= Resistor–transistor logic =

Class of digital circuits

Resistor–transistor logic (RTL), sometimes also known as transistor–resistor logic (TRL), is a class of digital circuits built using resistors as the input network and bipolar junction transistors (BJTs) as switching devices. RTL is the earliest class of transistorized digital logic circuit; it was succeeded by diode–transistor logic (DTL) and transistor–transistor logic (TTL).

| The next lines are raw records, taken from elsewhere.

(* Let $\alpha_1,\alpha_2,\beta_2,\beta_3,\beta_4,\delta_1,\delta_2,\delta_4>0$ and consider the autonomous system $$u_1'=u_1(1-u_1-\alpha_1u_2-\delta_1u_3),\ u_2'=\beta_2u_2(1-u_2-\alpha_2u_1-\delta_2u_4),\ u_3'=\beta_3(u_2-u_3),\ u_4'=\beta_4(1-u_4-\delta_4u_4u_2).$$ It has the following steady states, with the stated linear stability properties: SS1: $(0,0,0,1)$ is unstable for all parameter values. SS2: $(1,0,0,1)$ is stable iff $\alpha_2+\delta_2>1$. SS3: $(0,\hat u_{2\pm},\hat u_{2\pm},[1+\delta_4\hat u_{2\pm}]^{-1})$ with $\hat u_{2\pm}=[\delta_4-1\pm\sqrt{(1+\delta_4)^2-4\delta_2\delta_4}]/(2\delta_4)$. The one with $\hat u_{2-}$ is unstable for all parameter values; the one with $\hat u_{2+}$ is stable iff $\delta_2<\frac{(\alpha_1+\delta_1+\delta_4)(\alpha_1+\delta_1-1)}{(\alpha_1+\delta_1)^2}$, or $\frac{(\alpha_1+\delta_1+\delta_4)(\alpha_1+\delta_1-1)}{(\alpha_1+\delta_1)^2}\le\delta_2<\frac{(1+\delta_4)^2}{4\delta_4}$ and $\frac1{\delta_4}<\frac{\alpha_1+\delta_1-2}{\alpha_1+\delta_1}$. SS4: $(1-(\alpha_1+\delta_1)\tilde u_{2\pm},\tilde u_{2\pm},\tilde u_{2\pm},[1+\delta_4\tilde u_{2\pm}]^{-1})$ where, writing $A=1-\alpha_2(\alpha_1+\delta_1)$, $$\tilde u_{2\pm}=\frac{-A-\delta_4(\alpha_2-1)\pm\sqrt{[A-\delta_4(\alpha_2-1)]^2-4\delta_2\delta_4A}}{2\delta_4A}.$$ The one with $\tilde u_{2-}$ is not stable for any parameter values for which all its components are positive. The one with $\tilde u_{2+}$ (write $\tilde u_2=\tilde u_{2+}$) is stable iff $0<(\alpha_1+\delta_1)\tilde u_{2+}<1$, $0<\delta_2<\frac{[A-\delta_4(\alpha_2-1)]^2}{4\delta_4A}$ and $c_1c_2c_3>c_3^2c_0+c_1^2$, where $c_3=1-(\alpha_1+\delta_1)\tilde u_2+\beta_3+\beta_2\tilde u_2+\beta_4(1+\delta_4\tilde u_2)$, $c_2=\beta_3[\beta_2\tilde u_2+\beta_4(1+\delta_4\tilde u_2)]+[1-(\alpha_1+\delta_1)\tilde u_2][\beta_3+\beta_4(1+\delta_4\tilde u_2)+\beta_2\tilde u_2(1-\alpha_2\alpha_1)]+\frac{\beta_2\beta_4\tilde u_2}{1+\delta_4\tilde u_2}[(1+\delta_4\tilde u_2)^2-\delta_2\delta_4]$, $c_1=[1-(\alpha_1+\delta_1)\tilde u_2]\Big[\frac{\beta_2\beta_4\tilde u_2}{1+\delta_4\tilde u_2}[(1+\delta_4\tilde u_2)^2(1-\alpha_2\alpha_1)-\delta_2\delta_4]+\beta_3\beta_4(1+\delta_4\tilde u_2)\Big]+\beta_2\beta_3\tilde u_2[1-(\alpha_1+\delta_1)\tilde u_2]A+\frac{\beta_2\beta_3\beta_4\tilde u_2}{1+\delta_4\tilde u_2}[(1+\delta_4\tilde u_2)^2-\delta_2\delta_4]$, $c_0=\frac{\beta_2\beta_3\beta_4\tilde u_2}{1+\delta_4\tilde u_2}[1-(\alpha_1+\delta_1)\tilde u_2][(1+\delta_4\tilde u_2)^2A-\delta_2\delta_4]$.
   Context: ''Stable'' means linearly stable: all eigenvalues of the Jacobian of the right-hand side at the steady state have negative real part; ''unstable'' means the Jacobian has an eigenvalue with positive real part. *)

From HB Require Import structures.
From mathcomp Require Import all_boot all_order all_algebra.
From mathcomp Require Import all_classical all_reals all_analysis.
From mathcomp Require Import complex.
Set Implicit Arguments. Unset Strict Implicit. Unset Printing Implicit Defensive.
Import Order.TTheory GRing.Theory Num.Theory.
Local Open Scope ring_scope.

Section Model.
Variable R : realType.

(* A state (u1,u2,u3,u4) is a function 'I_4 -> R; coordinate k (0-based) is u_{k+1}. *)
Definition pt4 (x1 x2 x3 x4 : R) : 'I_4 -> R :=
  fun i => nth 0 [:: x1; x2; x3; x4] i.

Definition rhs (a1 a2 b2 b3 b4 d1 d2 d4 : R) (u : 'I_4 -> R) (i : 'I_4) : R :=
  let u1 := u (inord 0) in let u2 := u (inord 1) in
  let u3 := u (inord 2) in let u4 := u (inord 3) in
  match val i with
  | 0 => u1 * (1 - u1 - a1 * u2 - d1 * u3)
  | 1 => b2 * u2 * (1 - u2 - a2 * u1 - d2 * u4)
  | 2 => b3 * (u2 - u3)
  | _ => b4 * (1 - u4 - d4 * u4 * u2)
  end.

Definition upd (u : 'I_4 -> R) (j : 'I_4) (t : R) : 'I_4 -> R :=
  fun k => if k == j then t else u k.

Definition jacobian (F : ('I_4 -> R) -> 'I_4 -> R) (u : 'I_4 -> R) : 'M[R]_4 :=
  \matrix_(i < 4, j < 4) derive1 (fun t => F (upd u j t) i) (u j).

Definition steady_state (F : ('I_4 -> R) -> 'I_4 -> R) (u : 'I_4 -> R) : Prop :=
  forall i, F u i = 0.

Definition cplx_mx (M : 'M[R]_4) : 'M[R[i]]_4 := map_mx (fun x => (x%:C)%C) M.

Definition lin_stable F u : Prop :=
  forall z : R[i], eigenvalue (cplx_mx (jacobian F u)) z -> complex.Re z < 0.

Definition lin_unstable F u : Prop :=
  exists z : R[i], eigenvalue (cplx_mx (jacobian F u)) z /\ 0 < complex.Re z.

End Model.

(* The eigenvalues of the complexified Jacobian are the roots of its characteristic
   polynomial, a real monic quartic. By the fundamental theorem of algebra such a
   quartic is a product of two real monic quadratics, and z^2 + p z + q has all its
   roots in the open left half-plane iff p > 0 and q > 0; multiplying out gives the
   Routh-Hurwitz criterion k3, k1, k0 > 0 and k1^2 + k3^2 k0 < k1 k2 k3 for
   z^4 + k3 z^3 + k2 z^2 + k1 z + k0.
   At SS1, SS2 and SS3 a species is absent, its row of the Jacobian vanishes off the
   diagonal and the characteristic polynomial factors explicitly: stability is read
   off the signs of the coefficients of the two factors, instability off a positive
   real root of one of them. At SS4 the Routh-Hurwitz criterion is applied to c3, c2,
   c1, c0; the u2-nullcline (1 - u2 - a2 u1)(1 + d4 u2) = d2 turns c0 into
   b2 b3 b4 u2 u1 (+/- sqrt D), whose sign rules out the minus branch and yields the
   conditions on the plus branch. *)

From Pilot Require Import Defs.
From HB Require Import structures.
From mathcomp Require Import all_boot all_order all_algebra.
From mathcomp Require Import all_classical all_reals all_analysis.
From mathcomp Require Import complex.
From mathcomp Require Import ring lra.
Import Order.TTheory GRing.Theory Num.Theory.
Local Open Scope ring_scope.
Set Implicit Arguments. Unset Strict Implicit.

Section PrincipalMinors.
Variable F : comNzRingType.
Implicit Types m : nat -> nat -> F.

Definition minor2 m i j : F := m i i * m j j - m i j * m j i.

Definition minor3 m i j k : F :=
  m i i * (m j j * m k k - m j k * m k j) - m i j * (m j i * m k k - m j k * m k i)
  + m i k * (m j i * m k j - m j j * m k i).

Definition pminors1 m : F := m 0 0 + m 1 1 + m 2 2 + m 3 3.

Definition pminors2 m : F :=
  minor2 m 0 1 + minor2 m 0 2 + minor2 m 0 3 + minor2 m 1 2 + minor2 m 1 3 + minor2 m 2 3.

RTL circuits were first constructed with discrete components, but in 1961 it became the first digital logic family to be produced as a monolithic integrated circuit. RTL integrated circuits were used in the Apollo Guidance Computer, whose design began in 1961 and which first flew in 1966.

== Implementation ==

=== RTL inverter ===

A bipolar transistor switch is the simplest RTL gate (inverter or NOT gate) implementing logical negation. It consists of a common-emitter stage with a base resistor connected between the base and the input voltage source. The role of the base resistor is to expand the very small transistor input voltage range (about 0.7 V) to the logical "1" level (about 3.5 V) by converting the input voltage into current. Its resistance is settled by a compromise: it is chosen low enough to saturate the transistor and high enough to obtain high input resistance. The role of the collector resistor is to convert the collector current into voltage; its resistance is chosen high enough to saturate the transistor and low enough to obtain low output resistance (high fan-out).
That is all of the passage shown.